Si vous exécutez toujours apt-getsur vos serveurs à la main (pas de apt-getcommandes automatiques lancées par crons), alors vous pourriez envisager d'utiliser le transfert d'agent ssh . Cela évite d'avoir à gérer une paire de clés publique / privée par serveur que vous gérez, et c'est probablement plus sûr que de laisser des clés privées sur chaque serveur.

Configuration initiale - connectez-vous aux serveurs que vous souhaitez gérer et ajoutez quelque chose comme ceci /etc/apt/sources.list(cet exemple suppose que vous souhaitez que vos serveurs se connectent au managercompte):

    deb ssh://[email protected]/path other stuff

  • créer une paire de clés privées / publiques sur votre propre ordinateur, avec votre identifiant johndoepar exemple (à condition que votre ordinateur fonctionne sur Debian: sinon, vous pouvez le faire à partir d'un serveur Debian dédié à la gestion):

    ssh-keygen
  • assurez-vous qu'il est protégé par une phrase clé forte

  • copiez votre clé publique sur le serveur de référentiel dans /home/manager/.ssh/authorized_keys:

    ssh-copy-id [email protected]

Une fois par session de gestion

  • démarrez l'agent ssh sur votre machine en tapant:

    eval `ssh-agent`

  • ajoutez votre clé à l'agent (cela nécessitera votre phrase secrète):

    ssh-add

Gérer un serveur

  • se connecter au serveur que vous souhaitez gérer à l'aide ssh -A( -Aactive le transfert d'agent):

    ssh -A some.server.org

  • passer à root (si vous voulez utiliser, sudovous devez configurer /etc/sudoersou sinon sudointerrompra le transfert d'agent, lisez ceci ):

    su

  • vous devriez maintenant pouvoir vous connecter au compte du gestionnaire du référentiel en utilisant ssh sans taper à nouveau votre mot de passe, grâce au transfert d'agent.
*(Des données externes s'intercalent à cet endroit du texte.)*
Lemma pactC a r c : pact a r%:P c = r * c.
Proof. by rewrite (@pact_widen a 1) ?size_polyC_leq1 // big_ord1 coefC. Qed.

Lemma pact_XsubC a e c : pact a ('X - e%:P) c = xact a c - e * c.
Proof.
rewrite (@pact_widen a 2) ?size_XsubC // !big_ord_recl big_ord0 /=.
by rewrite !coefB !coefX !coefC /=; ring.
Qed.

Lemma pact_xmul a q c : pact a (xmul d q) c = xact a (pact a q c).
Proof.
rewrite /xmul pactD (@pact_widen a (size q).+1); last first.
  by apply: leq_trans (size_mul_leq _ _) _; rewrite size_polyX; case: (size q).
rewrite big_ord_recl coefXM /= mul0r add0r.
rewrite (@pact_widen a (size q)); last exact: size_poly.
rewrite /pact xact_sum -big_split /=; apply: eq_bigr => i _.
by rewrite coefXM /= coef_map_id0 ?(der0 Hd) // xactM.
Qed.

Lemma pact_skmul a P Q c : pact a (skmul d P Q) c = pact a P (pact a Q c).
Proof.
have iterE i q : pact a (iter i (xmul d) q) c = iter i (xact a) (pact a q c).
  by elim: i => //= i <-; rewrite pact_xmul.
rewrite /skmul pact_sum [RHS]/pact; apply: eq_bigr => i _.
by rewrite pactZ iterE.
Qed.

Lemma skmul_widen n (P Q : {poly F}) : (size P <= n)%N ->
  skmul d P Q = \sum_(i < n) P`_i *: iter i (xmul d) Q.
Proof.
move=> Hn; rewrite /skmul (big_ord_widen n (fun i => P`_i *: iter i (xmul d) Q)) //.
rewrite big_mkcond; apply: eq_bigr => i _; case: ifP => // /negbT.
by rewrite -leqNgt => H; rewrite nth_default // scale0r.
Qed.

Lemma skmulDl P1 P2 Q : skmul d (P1 + P2) Q = skmul d P1 Q + skmul d P2 Q.
Proof.
pose n := maxn (size P1) (size P2).
rewrite !(@skmul_widen n) ?leq_maxl ?leq_maxr //; last first.
  by apply: leq_trans (size_add _ _) _.
by rewrite -big_split; apply: eq_bigr => i _; rewrite coefD scalerDl.
Qed.

Lemma skmul_monomial k c Q : skmul d (c *: 'X^k) Q = c *: iter k (xmul d) Q.
Proof.
rewrite (@skmul_widen k.+1); last first.
  by apply: leq_trans (size_scale_leq _ _) _; rewrite size_polyXn.
rewrite big_ord_recr /= big1 ?add0r; first by rewrite coefZ coefXn eqxx mulr1.
by move=> i _; rewrite coefZ coefXn /= (ltn_eqF (ltn_ord i)) mulr0 scale0r.
Qed.

Lemma skmul0 Q : skmul d 0 Q = 0.
Proof. by rewrite /skmul size_poly0 big_ord0. Qed.

Lemma xpow_XsubC (b : F) k :
  (size (iter k (xmul d) ('X - b%:P)%R) <= k.+2)%N /\
  (iter k (xmul d) ('X - b%:P))`_k.+1 = 1.
Proof.
elim: k => [|k [Hsize Hlead]] /=.
  by rewrite size_XsubC coefB coefX coefC /= subr0.
set q := iter k (xmul d) ('X - b%:P) in Hsize Hlead *.
have Hdq : (size (map_poly d q) <= k.+2)%N by apply: leq_trans Hsize; exact: size_poly.
split.
  apply: leq_trans (size_add _ _) _; rewrite geq_max; apply/andP; split.
    by apply: leq_trans (size_mul_leq _ _) _; rewrite size_polyX.
  exact: leq_trans Hdq _.
rewrite coefD coefXM /= Hlead coef_map_id0 ?(der0 Hd) //.
by rewrite (leq_sizeP _ _ Hsize) // (der0 Hd) addr0.
Qed.

Lemma skmul_divXsubC b P : exists Q r, P = skmul d Q ('X - b%:P) + r%:P.
Proof.
elim: {P}(size P) {-2}P (leqnn (size P)) => [|n IH] P Hs.
  exists 0, 0; rewrite skmul0 add0r; apply/eqP.
  by rewrite -size_poly_eq0 -leqn0.
case: n IH Hs => [|n] IH Hs.
  by exists 0, P`_0; rewrite skmul0 add0r [LHS]size1_polyC.
have [Ss Sc] := xpow_XsubC b n.
set R := iter n (xmul d) ('X - b%:P) in Ss Sc.
have : (size (P - P`_n.+1 *: R)%R <= n.+1)%N.
  apply/leq_sizeP => j Hj; rewrite coefB coefZ.
  case: (ltngtP j n.+1) => [|Hj2|->]; first by rewrite ltnNge Hj.
    by rewrite (leq_sizeP _ _ Hs j Hj2) (leq_sizeP _ _ Ss j Hj2) mulr0 subr0.
  by rewrite Sc mulr1 subrr.
case/IH => Q [r Hr]; exists (Q + P`_n.+1 *: 'X^n), r.
by rewrite skmulDl skmul_monomial -/R -addrA (addrC (_ *: R)) addrA -Hr subrK.
Qed.

Lemma rdividesE P b : rdivides d P b <-> pact b P 1 = 0.
Proof.
have killed Q : pact b (skmul d Q ('X - b%:P)) 1 = 0.
  rewrite pact_skmul pact_XsubC /xact (der1 Hd) addr0 mulr1 subrr.
  by rewrite /pact big1 // => i _; rewrite iter_xact0 mulr0.
split; first by case=> Q ->.
have [Q [r ->]] := skmul_divXsubC b P.
rewrite pactD killed add0r pactC mulr1 => ->.
by exists Q; rewrite addr0.
Qed.

Definition xsub_act (a e c : F) : F := xact a c - e * c.

Definition seq_act (a : F) (s : seq F) (c : F) : F :=
  foldl (fun c e => xsub_act a e c) c s.

Lemma pact_Pseq a s c : pact a (Pseq d s) c = seq_act a s c.
Proof.
rewrite /Pseq /seq_act -[in RHS](pact1 a c).
elim: s (1 : {poly F}) => //= e s IH P.
by rewrite IH pact_skmul pact_XsubC.
Qed.

Lemma rdivides_Pseq s b : rdivides d (Pseq d s) b <-> seq_act b s 1 = 0.
Proof. by rewrite rdividesE pact_Pseq. Qed.

End ModuleAction.

Section ConstantBasis.
Variables (F : fieldType) (d : F -> F).
Hypothesis Hd : is_derivation d.

Definition const_free m (e : 'I_m -> F) : Prop :=
  forall c : 'I_m -> F, (forall i, d (c i) = 0) ->
    \sum_i c i * e i = 0 -> forall i, c i = 0.

Definition const_span m (e : 'I_m -> F) : Prop :=
  forall y : F, exists c : 'I_m -> F,
    (forall i, d (c i) = 0) /\ y = \sum_i c i * e i.

Lemma const_basis n (e : 'I_n -> F) : const_span e ->
  exists m (e' : 'I_m -> F), const_free e' /\ const_span e'.
Proof.
elim: n e => [|n IH] e Hs; first by exists 0%N, e; split => // c _ _ [].
have [Hf|Hf] := classic (const_free e); first by exists n.+1, e.
have [c [Hc [Hsum [j cj0]]]] : exists c : 'I_n.+1 -> F, (forall i, d (c i) = 0) /\
    \sum_i c i * e i = 0 /\ exists j, c j != 0.
  apply: NNPP => H; apply: Hf => c Hc Hs0 i; apply: NNPP => Hi.
  by apply: H; exists c; split => //; split => //; exists i; apply/eqP.
have ej : e j = - (c j)^-1 * \sum_(i < n) c (lift j i) * e (lift j i).
  move: Hsum; rewrite (bigD1_ord j) //= => /eqP; rewrite addr_eq0 => /eqP H.
  by apply: (mulfI cj0); rewrite H mulNr mulrN mulrA divff // mul1r.
apply: (IH (fun i => e (lift j i))) => y; have [c' [Hc' ->]] := Hs y.
exists (fun i => c' (lift j i) - c' j / c j * c (lift j i)); split.
  move=> i; rewrite (derB Hd) !(derM Hd) (derVc Hd (Hc j)) !Hc !Hc'.
  by rewrite !(mulr0, mul0r, addr0) subrr.
rewrite (bigD1_ord j) //= ej mulrA mulr_sumr addrC -big_split /=.
by apply: eq_bigr => i _; ring.
Qed.

End ConstantBasis.

Section FiniteDimension.
Variables (F : fieldType) (d : F -> F).
Hypothesis Hd : is_derivation d.
Hypothesis Hfin : findim_over_constants d.

Definition const_linear (f : F -> F) : Prop :=
  (forall x y, f (x + y) = f x + f y) /\
  (forall k x, d k = 0 -> f (k * x) = k * f x).

(* The field K of constants, as a subfield of F.  The predicate is indexed by
   the derivation hypothesis, which the canonical closure instance needs. *)
Definition constants (_ : is_derivation d) : pred F := [pred x | d x == 0].

Lemma constants_divring_closed : divring_closed (constants Hd).
Proof.
split; first by rewrite inE (der1 Hd).
  by move=> x y; rewrite !inE (derB Hd) => /eqP -> /eqP ->; rewrite subrr.
move=> x y; rewrite !inE => /eqP dx /eqP dy.
by rewrite (derM Hd) (derVc Hd dy) dx mulr0 mul0r addr0.
Qed.

HB.instance Definition _ :=
  GRing.isDivringClosed.Build F (constants Hd) constants_divring_closed.

Record Kt := MkK { kval :> F; kvalP : kval \in constants Hd }.
HB.instance Definition _ := [isSub for kval].
HB.instance Definition _ := [Choice of Kt by <:].
HB.instance Definition _ := [SubChoice_isSubIntegralDomain of Kt by <:].
HB.instance Definition _ := [SubIntegralDomain_isSubField of Kt by <:].

Lemma der_kval (k : Kt) : d (kval k) = 0.
Proof. exact/eqP/(kvalP k). Qed.

(* F viewed as a K-vector space; indexed by the finiteness hypothesis, which
   provides its dimension. *)
Definition FK (_ : findim_over_constants d) : Type := F.
Local Notation V := (FK Hfin).
HB.instance Definition _ := GRing.Zmodule.on V.

Definition scaleK (k : Kt) (x : V) : V := (kval k : F) * x.
Lemma scaleKA a b v : scaleK a (scaleK b v) = scaleK (a * b) v.
Proof. by rewrite /scaleK mulrA. Qed.
Lemma scaleK1 : left_id 1 scaleK. Proof. by move=> x; rewrite /scaleK mul1r. Qed.
Lemma scaleKDr : right_distributive scaleK +%R.
Proof. by move=> ? ? ?; rewrite /scaleK mulrDr. Qed.
Lemma scaleKDl v : {morph scaleK^~ v : a b / a + b}.
Proof. by move=> ? ?; rewrite /scaleK /= mulrDl. Qed.
HB.instance Definition _ :=
  GRing.Zmodule_isLmodule.Build Kt V scaleKA scaleK1 scaleKDr scaleKDl.

Let basis_sig := constructive_indefinite_description _
  (let: ex_intro n (ex_intro e He) := Hfin in const_basis Hd He).
Let dimK : nat := sval basis_sig.
Let vec_sig := constructive_indefinite_description _ (svalP basis_sig).
Let eK : 'I_dimK -> F := sval vec_sig.

Definition r2v (r : 'rV[Kt]_dimK) : V := \sum_i kval (r 0 i) * eK i.

Lemma r2v_lin : linear r2v.
Proof.
move=> a r s; rewrite /r2v [in RHS]/GRing.scale /= /scaleK mulr_sumr -big_split /=.
by apply: eq_bigr => i _; rewrite !mxE /= mulrDl mulrA.
Qed.

Lemma r2v_inj : injective r2v.
Proof.
move=> r s H; apply/rowP => i; apply: val_inj; apply/eqP; rewrite -subr_eq0.
apply/eqP; move: i; apply: (proj1 (svalP vec_sig) (fun i => kval (r 0 i) - kval (s 0 i))).
  by move=> j; rewrite (derB Hd) !der_kval subrr.
by rewrite /r2v in H; under eq_bigr do rewrite mulrBl; rewrite sumrB H subrr.
Qed.

Lemma r2v_surj (y : V) : exists r, r2v r = y.
Proof.
have [c [Hc ->]] := proj2 (svalP vec_sig) y.
have Pc i : c i \in constants Hd by rewrite inE Hc.
by exists (\row_i MkK (Pc i)); apply: eq_bigr => i _; rewrite mxE.
Qed.

Definition v2r (y : V) : 'rV[Kt]_dimK :=
  sval (constructive_indefinite_description _ (r2v_surj y)).
Lemma v2rK : cancel v2r r2v.
Proof. by move=> y; rewrite /v2r; case: constructive_indefinite_description. Qed.
Lemma r2vK : cancel r2v v2r.
Proof. by move=> r; apply: r2v_inj; rewrite v2rK. Qed.
Lemma v2r_lin : linear v2r.
Proof. by move=> a x y; apply: r2v_inj; rewrite r2v_lin !v2rK. Qed.

HB.instance Definition _ := Lmodule_hasFinDim.Build Kt V
  (exist2 _ _ v2r v2r_lin (Bijective v2rK r2vK)).

Lemma const_linear_linear (f : F -> F) : const_linear f -> linear (f : V -> V).
Proof. by case=> Hadd Hhom k x y; rewrite Hadd /= /scaleK Hhom // der_kval. Qed.

Definition as_lfun (f : F -> F) (Hf : const_linear f) : 'End(V) :=
  linfun (HB.pack (f : V -> V)
    (GRing.isLinear.Build Kt V V *:%R (f : V -> V) (const_linear_linear Hf))
    : {linear V -> V}).

Lemma as_lfunE f (Hf : const_linear f) x : as_lfun Hf x = f x.
Proof. by rewrite lfunE. Qed.

(* Rank-nullity: of two K-linear maps with equal kernels, the image of the
   first, if contained in the image of the second, is all of it. *)
Lemma image_eq (L M : F -> F) : const_linear L -> const_linear M ->
  (forall c, L c = 0 <-> M c = 0) -> (forall c, exists y, L c = M y) ->
  forall y, exists c, L c = M y.
Proof.
move=> HL HM Hker Himg y.
pose g := as_lfun HL; pose h := as_lfun HM.
have ker_eq : lker g = lker h.
  by apply/vspaceP => v; rewrite !memv_ker !as_lfunE; apply/eqP/eqP => /Hker.
have img_sub : (limg g <= limg h)%VS.
  apply/subvP => v /memv_imgP [u _ ->]; rewrite as_lfunE; have [z ->] := Himg u.
  by rewrite -(as_lfunE HM) memv_img ?memvf.
have dim_eq : \dim (limg g) = \dim (limg h).
  have := limg_ker_dim g fullv; have := limg_ker_dim h fullv.
  by rewrite ker_eq => <- /eqP; rewrite eqn_add2l => /eqP.
have img_eq : limg g = limg h by apply/eqP; rewrite eqEdim img_sub dim_eq leqnn.
have : (M y : V) \in limg g by rewrite img_eq -(as_lfunE HM) memv_img // memvf.
by case/memv_imgP => u _ Hu; exists u; rewrite -(as_lfunE HL).
Qed.

Lemma const_linear_inj_surj (f : F -> F) : const_linear f -> injective f ->
  forall y, exists x, f x = y.
Proof.
move=> Hf Hinj y; have Hid : const_linear id by [].
have f0 : f 0 = 0 by apply: (addrI (f 0)); rewrite -(proj1 Hf) !addr0.
apply: (image_eq Hf Hid) => [c|c]; last by exists (f c).
by split=> [Hc|/= ->//]; apply: Hinj; rewrite Hc f0.
Qed.

End FiniteDimension.

Section DeltaConjugacy.
Variables (F : fieldType) (d : F -> F).
Hypothesis Hd : is_derivation d.

Local Notation seq_act := (seq_act d).
Local Notation xsub_act := (xsub_act d).

(* d-conjugacy: y = x + d u / u for some u != 0; multiplication by u is then
   an isomorphism F_y ~ F_x.  This is an equivalence relation. *)
Definition dconj (x y : F) : Prop := exists u, u != 0 /\ y = x + d u / u.

Lemma dconj_refl x : dconj x x.
Proof. by exists 1; rewrite oner_eq0 (der1 Hd) mul0r addr0. Qed.

Lemma dconj_sym x y : dconj x y -> dconj y x.
Proof.
case=> u [u0 ->]; exists u^-1; rewrite invr_eq0 u0; split => //.
by rewrite (derV Hd u0); field_nz.
Qed.

Lemma dconj_trans x y z : dconj x y -> dconj y z -> dconj x z.
Proof.
case=> u [u0 ->] [v [v0 ->]]; exists (u * v); rewrite mulf_neq0 //; split => //.
by rewrite (derM Hd); field_nz.
Qed.

Lemma seq_act_cons a e s c : seq_act a (e :: s) c = seq_act a s (xsub_act a e c).
Proof. by []. Qed.

Lemma seq_act_rcons a s e c : seq_act a (rcons s e) c = xsub_act a e (seq_act a s c).
Proof. by rewrite /seq_act foldl_rcons. Qed.

Lemma seq_act_const_linear a s : const_linear d (seq_act a s).
Proof.
split.
  elim: s => // e s IH x y; rewrite !seq_act_cons -IH; congr (seq_act a s _).
  by rewrite /xsub_act (xactD Hd); ring.
move=> k x dk; elim: s x => // e s IH x; rewrite !seq_act_cons -IH.
by congr (seq_act a s _); rewrite /xsub_act (xactM Hd) dk mul0r addr0; ring.
Qed.

Lemma seq_actB a s x y : seq_act a s (x - y) = seq_act a s x - seq_act a s y.
Proof.
have [Hadd Hhom] := seq_act_const_linear a s.
have dN1 : d (-1) = 0 by rewrite (derN Hd) (der1 Hd) oppr0.
by rewrite Hadd -mulN1r Hhom // mulN1r.
Qed.

Lemma seq_act0 a s : seq_act a s 0 = 0.
Proof. by have := seq_actB a s 0 0; rewrite !subrr. Qed.

Lemma seq_act_twist a s c u : c != 0 ->
  seq_act a s (c * u) = c * seq_act (a + d c / c) s u.
Proof.
move=> c0; elim: s u => // e s IH u; rewrite !seq_act_cons -IH.
by congr (seq_act a s _); rewrite /xsub_act /xact (derM Hd); field_nz.
Qed.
Par conséquent, apt-getdevrait fonctionner très bien:

    apt-get udate

Fin de votre session de gestion

  • Une fois la gestion de vos serveurs terminée, supprimez vos clés de l'agent:

    ssh-add -D

Les avantages

  • Pas beaucoup de configuration initiale est requise
  • Une seule clé privée est requise
  • La clé privée est protégée par une phrase secrète forte
  • Si quelqu'un obtient un accès root à l'un de vos serveurs, il n'aura pas immédiatement accès à votre serveur de référentiel.
    • Notez que si le pirate est patient et qualifié, il peut attendre que vous vous connectiez au serveur en utilisant le transfert d'agent, et il peut détourner le mécanisme de transfert afin d'accéder à votre serveur de référentiel.
    • Pour éviter cela, vous pouvez utiliser ssh-askafin d'accepter / refuser chaque tentative d'utilisation de votre clé.
    • Dans tous les cas, le pirate n'aura pas accès à la clé privée elle-même: il pourra juste détourner le mécanisme de transfert pour utiliser la clé, et uniquement pendant la durée de connexion au serveur.
MiniQuark
la source
Merci encore MiniQuark. En fait, les mises à jour sont sans surveillance, mais c'est une excellente méthode que je pourrais appliquer à des fins de test.
Humber
Mon plaisir! :) Content si ça aide.
MiniQuark
4

Une façon de procéder consiste simplement à autoriser un certain ensemble d'adresses IP à accéder au référentiel. Cela fonctionne très bien pour le LAN et le VPN.

Simple et efficace.

Antoine Benkemoun
la source
1
Merci Antoine :). En fait, le référentiel que j'ai maintenant est accessible en utilisant cette méthode (http via une connexion OpenVPN). Je limite les adresses IP qui appartiennent au VPN. L'inconvénient ici est que chaque hôte doit être connecté au VPN pour accéder au référentiel, ce qui est un peu gênant (gérer plusieurs certificats / clés). Désolé de ne pas l'avoir précisé dans la question.
Humber
Certes, il est gênant de gérer OpenVPN, mais cela rend la gestion de la sécurité de votre référentiel très simple. De plus, les utilisateurs n'ont pas à se soucier des informations d'identification une fois à l'intérieur du VPN.
Antoine Benkemoun
2

La solution ssh + clés publiques / privées n'est pas si mauvaise:

  • se connecter en tant que root sur la machine cliente
  • tapez ssh-keygen, puisssh-copy-id [email protected]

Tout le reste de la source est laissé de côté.